Dataset entries
◆ ◆ ◆ ◆

(* Let $f:\mathbb{R}^n\to\mathbb{R}\cup\{\infty\}$ be a proper lower semicontinuous function with $\bar x\in\operatorname{dom} f$ and $0\in\partial f(\bar x)$, and suppose $f$ is subdifferentially continuous, prox-regular, and twice epi-differentiable at $\bar x$ for $0$. Then $\bar x$ is a strong local minimizer of $f$ if and only if the sufficient condition of the second kind holds at $\bar x$, i.e., there exists $\kappa>0$ such that for each $w\in\operatorname{dom}D(\partial_p f)(\bar x|0)$ with $\|w\|=1$ there exists $z\in D(\partial_p f)(\bar x|0)(w)$ with $\langle z,w\rangle\ge\kappa$.
   Context: Limiting subdifferential $\partial f$, proximal subdifferential $\partial_p f(\bar x)=\{v\mid \liminf_{x\to\bar x}\frac{f(x)-f(\bar x)-\langle v,x-\bar x\rangle}{\|x-\bar x\|^2}>-\infty\}$. $D(\partial_p f)(\bar x|0)(w)=\{z\mid (w,z)\in T_{\operatorname{gph}\partial_p f}(\bar x,0)\}$ with $T$ the contingent cone $T_\Omega(\bar u)=\{v\mid \exists t_k\downarrow0,\ v_k\to v,\ \bar u+t_kv_k\in\Omega\}$. Prox-regularity at $\bar x$ for $\bar v$: there are $r,\varepsilon>0$ with $f(x)\ge f(u)+\langle v,x-u\rangle-\frac r2\|x-u\|^2$ for $x,u\in\mathbb{B}_\varepsilon(\bar x)$, $|f(u)-f(\bar x)|<\varepsilon$, $v\in\partial f(u)\cap\mathbb{B}_\varepsilon(\bar v)$. Subdifferential continuity: $(x_k,v_k)\to(\bar x,\bar v)$, $v_k\in\partial f(x_k)$ imply $f(x_k)\to f(\bar x)$. Twice epi-differentiability at $\bar x$ for $v$: for every $w$ and $\tau_k\downarrow0$ there are $w^k\to w$ with $\frac{f(\bar x+\tau_kw^k)-f(\bar x)-\tau_k\langle v,w^k\rangle}{\tau_k^2/2}\to d^2f(\bar x|v)(w)$, where $d^2f(\bar x|v)(w)=\liminf_{\tau\downarrow0,w'\to w}\frac{f(\bar x+\tau w')-f(\bar x)-\tau\langle v,w'\rangle}{\tau^2/2}$. Strong local minimizer: $f(x)-f(\bar x)\ge\frac\kappa2\|x-\bar x\|^2$ near $\bar x$ for some $\kappa>0$. *)

From Stdlib Require Import Reals.
From Stdlib Require Vectors.Fin.
Open Scope R_scope.

Definition vec (n : nat) : Type := Fin.t n -> R.

Fixpoint fsum (n : nat) : (Fin.t n -> R) -> R :=
  match n return (Fin.t n -> R) -> R with
  | O => fun _ => 0
  | S m => fun g => g Fin.F1 + fsum m (fun i => g (Fin.FS i))
  end.

Definition vzero {n} : vec n := fun _ => 0.
Definition vadd {n} (x y : vec n) : vec n := fun i => x i + y i.
Definition vsub {n} (x y : vec n) : vec n := fun i => x i - y i.
Definition vscal {n} (a : R) (x : vec n) : vec n := fun i => a * x i.
Definition dot {n} (x y : vec n) : R := fsum n (fun i => x i * y i).
Definition vnorm {n} (x : vec n) : R := sqrt (dot x x).

Definition vcv {n} (u : nat -> vec n) (l : vec n) : Prop :=
  forall eps, 0 < eps -> exists N, forall k, (N <= k)%nat -> vnorm (vsub (u k) l) < eps.

Definition pos_dec_to0 (t : nat -> R) : Prop :=
  (forall k, 0 < t k) /\ (forall k, t (S k) <= t k) /\ Un_cv t 0.

(* values of f : R U {+oo} *)
Inductive ereal : Type := EFin (r : R) | EInf.
Inductive xreal : Type := XFin (r : R) | XPInf | XMInf.

Definition ege (a : ereal) (r : R) : Prop :=
  match a with EFin x => r <= x | EInf => True end.
Definition egt (a : ereal) (r : R) : Prop :=
  match a with EFin x => r < x | EInf => True end.
Definition elt (a : ereal) (r : R) : Prop :=
  match a with EFin x => x < r | EInf => False end.
Definition xgt (a : xreal) (r : R) : Prop :=
  match a with XFin x => r < x | XPInf => True | XMInf => False end.
Definition xlt (a : xreal) (r : R) : Prop :=
  match a with XFin x => x < r | XPInf => False | XMInf => True end.

Definition ecv_real (a : nat -> ereal) (l : R) : Prop :=
  forall eps, 0 < eps -> exists N, forall k, (N <= k)%nat ->
    exists r, a k = EFin r /\ Rabs (r - l) < eps.

Definition ecv_x (a : nat -> ereal) (l : xreal) : Prop :=
  match l with
  | XFin r => ecv_real a r
  | XPInf => forall M, exists N, forall k, (N <= k)%nat -> egt (a k) M
  | XMInf => forall M, exists N, forall k, (N <= k)%nat -> elt (a k) M
  end.

Definition proper {n} (f : vec n -> ereal) : Prop := exists x, f x <> EInf.

Definition in_dom {n} (f : vec n -> ereal) (x : vec n) : Prop := exists r, f x = EFin r.

Definition lsc {n} (f : vec n -> ereal) : Prop :=
  forall x (a : R), egt (f x) a ->
    exists delta, 0 < delta /\ forall y, vnorm (vsub y x) < delta -> egt (f y) a.

Definition reg_subdiff {n} (f : vec n -> ereal) (x v : vec n) : Prop :=
  exists fx, f x = EFin fx /\
  forall eps, 0 < eps -> exists delta, 0 < delta /\
    forall y, vnorm (vsub y x) < delta ->
      ege (f y) (fx + dot v (vsub y x) - eps * vnorm (vsub y x)).

Definition lim_subdiff {n} (f : vec n -> ereal) (x v : vec n) : Prop :=
  exists fx, f x = EFin fx /\
  exists (xk vk : nat -> vec n),
    vcv xk x /\ vcv vk v /\ ecv_real (fun k => f (xk k)) fx /\
    forall k, reg_subdiff f (xk k) (vk k).

(* proximal subdifferential: the liminf of the quotient is > -oo *)
Definition prox_subdiff {n} (f : vec n -> ereal) (x v : vec n) : Prop :=
  exists fx, f x = EFin fx /\
  exists M delta, 0 < delta /\
    forall y, 0 < vnorm (vsub y x) < delta ->
      ege (f y) (fx + dot v (vsub y x) - M * (vnorm (vsub y x))^2).

(* (w, z) in the contingent cone to gph d_p f at (xbar, vbar), i.e.
   z in D(d_p f)(xbar | vbar)(w) *)
Definition graph_deriv_prox {n} (f : vec n -> ereal) (xbar vbar w z : vec n) : Prop :=
  exists (t : nat -> R) (wk zk : nat -> vec n),
    pos_dec_to0 t /\ vcv wk w /\ vcv zk z /\
    forall k, prox_subdiff f (vadd xbar (vscal (t k) (wk k)))
                             (vadd vbar (vscal (t k) (zk k))).

Definition dom_graph_deriv_prox {n} (f : vec n -> ereal) (xbar vbar w : vec n) : Prop :=
  exists z, graph_deriv_prox f xbar vbar w z.

Definition prox_regular {n} (f : vec n -> ereal) (xbar vbar : vec n) : Prop :=
  exists fx, f xbar = EFin fx /\
  exists r eps, 0 < r /\ 0 < eps /\
    forall x u v fu,
      vnorm (vsub x xbar) <= eps -> vnorm (vsub u xbar) <= eps ->
      f u = EFin fu -> Rabs (fu - fx) < eps ->
      lim_subdiff f u v -> vnorm (vsub v vbar) <= eps ->
      ege (f x) (fu + dot v (vsub x u) - r / 2 * (vnorm (vsub x u))^2).

Definition subdiff_continuous {n} (f : vec n -> ereal) (xbar vbar : vec n) : Prop :=
  exists fx, f xbar = EFin fx /\
  forall (xk vk : nat -> vec n),
    vcv xk xbar -> vcv vk vbar -> (forall k, lim_subdiff f (xk k) (vk k)) ->
    ecv_real (fun k => f (xk k)) fx.

Definition q2 {n} (f : vec n -> ereal) (xbar v : vec n) (fx tau : R) (w : vec n) : ereal :=
  match f (vadd xbar (vscal tau w)) with
  | EFin y => EFin ((y - fx - tau * dot v w) / (tau ^ 2 / 2))
  | EInf => EInf
  end.

(* a = d^2 f(xbar | v)(w) = liminf_{tau -> 0+, w' -> w} q2 tau w' *)
Definition is_d2 {n} (f : vec n -> ereal) (xbar v : vec n) (fx : R) (w : vec n) (a : xreal) : Prop :=
  (forall b : R, xgt a b -> exists delta, 0 < delta /\
      forall tau w', 0 < tau < delta -> vnorm (vsub w' w) < delta ->
        egt (q2 f xbar v fx tau w') b) /\
  (forall b : R, xlt a b -> forall delta, 0 < delta ->
      exists tau w', 0 < tau < delta /\ vnorm (vsub w' w) < delta /\
        elt (q2 f xbar v fx tau w') b).

Definition twice_epi_diff {n} (f : vec n -> ereal) (xbar v : vec n) : Prop :=
  exists fx, f xbar = EFin fx /\
  forall (w : vec n) (a : xreal), is_d2 f xbar v fx w a ->
    forall tau : nat -> R, pos_dec_to0 tau ->
      exists wk : nat -> vec n, vcv wk w /\
        ecv_x (fun k => q2 f xbar v fx (tau k) (wk k)) a.

Definition strong_local_min {n} (f : vec n -> ereal) (xbar : vec n) : Prop :=
  exists fx, f xbar = EFin fx /\
  exists kappa delta, 0 < kappa /\ 0 < delta /\
    forall x, vnorm (vsub x xbar) < delta ->
      ege (f x) (fx + kappa / 2 * (vnorm (vsub x xbar))^2).

From Stdlib Require Import Reals Lra Lia Psatz Classical ClassicalEpsilon FunctionalExtensionality.
Open Scope R_scope.

(* The heart of the
   proof is an identity: whenever [z] belongs to the graphical derivative
   [D(d_p f)(xbar|0)(w)], the second subderivative [d^2 f(xbar|0)(w)] is the
   real number [<z, w>] ([d2_eq_dot_of_graph]).  It comes from rescaling the
   prox-regularity inequality along a sequence realizing [(w, z)]
   ([graph_quotient_bound]) and comparing with recovery sequences provided by
   twice epi-differentiability.
   - Necessity: a strong minimizer with modulus [kappa] has
     [d^2 f(xbar|0)(w) >= kappa |w|^2] ([d2_quadratic_minorant]).
   - Sufficiency, by contradiction: points [x0] near [xbar] with
     [f x0 < f xbar + c |x0 - xbar|^2] are moved by a proximal-point step
     (minimizing [f + L/2 |. - x0|^2] over a ball) to points carrying
     proximal subgradients of size [O(|u - xbar|)]; rescaling and extracting
     ([graph_pair_of_sequence]) yields a unit direction [w0] with a
     graphical-derivative pair along which the quotients stay below
     [8 c < kappa], against [d^2 f(xbar|0)(w0) = <z1, w0> >= kappa]. *)

(** * Euclidean geometry of [vec n] *)

Lemma fsum_ext n (g h : Fin.t n -> R) : (forall i, g i = h i) -> fsum n g = fsum n h.
Proof.
  induction n as [|n IH]; intros H; simpl; [reflexivity|].
  rewrite H, (IH (fun i => g (Fin.FS i)) (fun i => h (Fin.FS i))); auto.
Qed.

Lemma fsum_lin n a (g h : Fin.t n -> R) :
  fsum n (fun i => g i + a * h i) = fsum n g + a * fsum n h.
Proof.
  induction n as [|n IH]; simpl; [ring|].
  rewrite (IH (fun i => g (Fin.FS i)) (fun i => h (Fin.FS i))). ring.
Qed.

Lemma fsum_le n (g h : Fin.t n -> R) : (forall i, g i <= h i) -> fsum n g <= fsum n h.
Proof.
  induction n as [|n IH]; intros H; simpl; [lra|].
  pose proof (H Fin.F1). pose proof (IH (fun i => g (Fin.FS i)) (fun i => h (Fin.FS i)) (fun i => H _)).
  lra.
Qed.

Lemma fsum_zero n : fsum n (fun _ => 0) = 0.
Proof. induction n as [|n IH]; simpl; [|rewrite IH]; ring. Qed.

Lemma fsum_term n (g : Fin.t n -> R) j : (forall i, 0 <= g i) -> g j <= fsum n g.
Proof.
  intros Hg. assert (Hpos : forall m (h : Fin.t m -> R), (forall i, 0 <= h i) -> 0 <= fsum m h).
  { intros m h Hh. rewrite <- (fsum_zero m). apply fsum_le; auto. }
  induction j as [n|n j IH]; simpl.
  - pose proof (Hpos n (fun i => g (Fin.FS i)) (fun i => Hg _)). lra.
  - pose proof (Hg Fin.F1). pose proof (IH (fun i => g (Fin.FS i)) (fun i => Hg _)). lra.
Qed.

Lemma vec_eq n (x y : vec n) : (forall i, x i = y i) -> x = y.
Proof. apply functional_extensionality. Qed.

Lemma dot_sym n (x y : vec n) : dot x y = dot y x.
Proof. apply fsum_ext; intros; ring. Qed.

Lemma dot_addl n (x y z : vec n) : dot (vadd x y) z = dot x z + dot y z.
Proof.
  unfold dot, vadd. rewrite <- (Rmult_1_l (fsum n (fun i => y i * z i))), <- fsum_lin.
  apply fsum_ext; intros; ring.
Qed.

Lemma dot_scall n a (x z : vec n) : dot (vscal a x) z = a * dot x z.
Proof.
  unfold dot, vscal. rewrite <- (Rplus_0_l (a * fsum n _)).
  rewrite <- (fsum_zero n) at 1. rewrite <- fsum_lin. apply fsum_ext; intros; ring.
Qed.

Lemma dot_addr n (x y z : vec n) : dot z (vadd x y) = dot z x + dot z y.
Proof. rewrite dot_sym, dot_addl, (dot_sym _ x), (dot_sym _ y). reflexivity. Qed.

Lemma dot_scalr n a (x z : vec n) : dot z (vscal a x) = a * dot z x.
Proof. rewrite dot_sym, dot_scall, dot_sym. reflexivity. Qed.

Lemma dot_zerol n (x : vec n) : dot vzero x = 0.
Proof.
  transitivity (fsum n (fun _ => 0)); [apply fsum_ext; intros; unfold vzero; ring|apply fsum_zero].
Qed.

Lemma dot_pos n (x : vec n) : 0 <= dot x x.
Proof. rewrite <- (fsum_zero n). apply fsum_le. intros; nra. Qed.

Lemma vnorm_pos n (x : vec n) : 0 <= vnorm x.
Proof. apply sqrt_pos. Qed.

Lemma vnorm_sq n (x : vec n) : (vnorm x)^2 = dot x x.
Proof. unfold vnorm. rewrite pow2_sqrt; auto using dot_pos. Qed.

Lemma vnorm_scal n a (x : vec n) : vnorm (vscal a x) = Rabs a * vnorm x.
Proof.
  unfold vnorm. rewrite dot_scall, dot_scalr, <- Rmult_assoc.
  change (a * a) with (Rsqr a). rewrite sqrt_mult_alt, sqrt_Rsqr_abs; auto using Rle_0_sqr.
Qed.

Lemma vnorm_zero n : vnorm (@vzero n) = 0.
Proof. unfold vnorm. rewrite dot_zerol. apply sqrt_0. Qed.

◆ ◆ ◆ ◆

PROBLEM STATEMENT:
If a line of the entries above includes the word "vzero", count it; then state the total and nothing else.

ANSWER TO THE EXERCISE:
4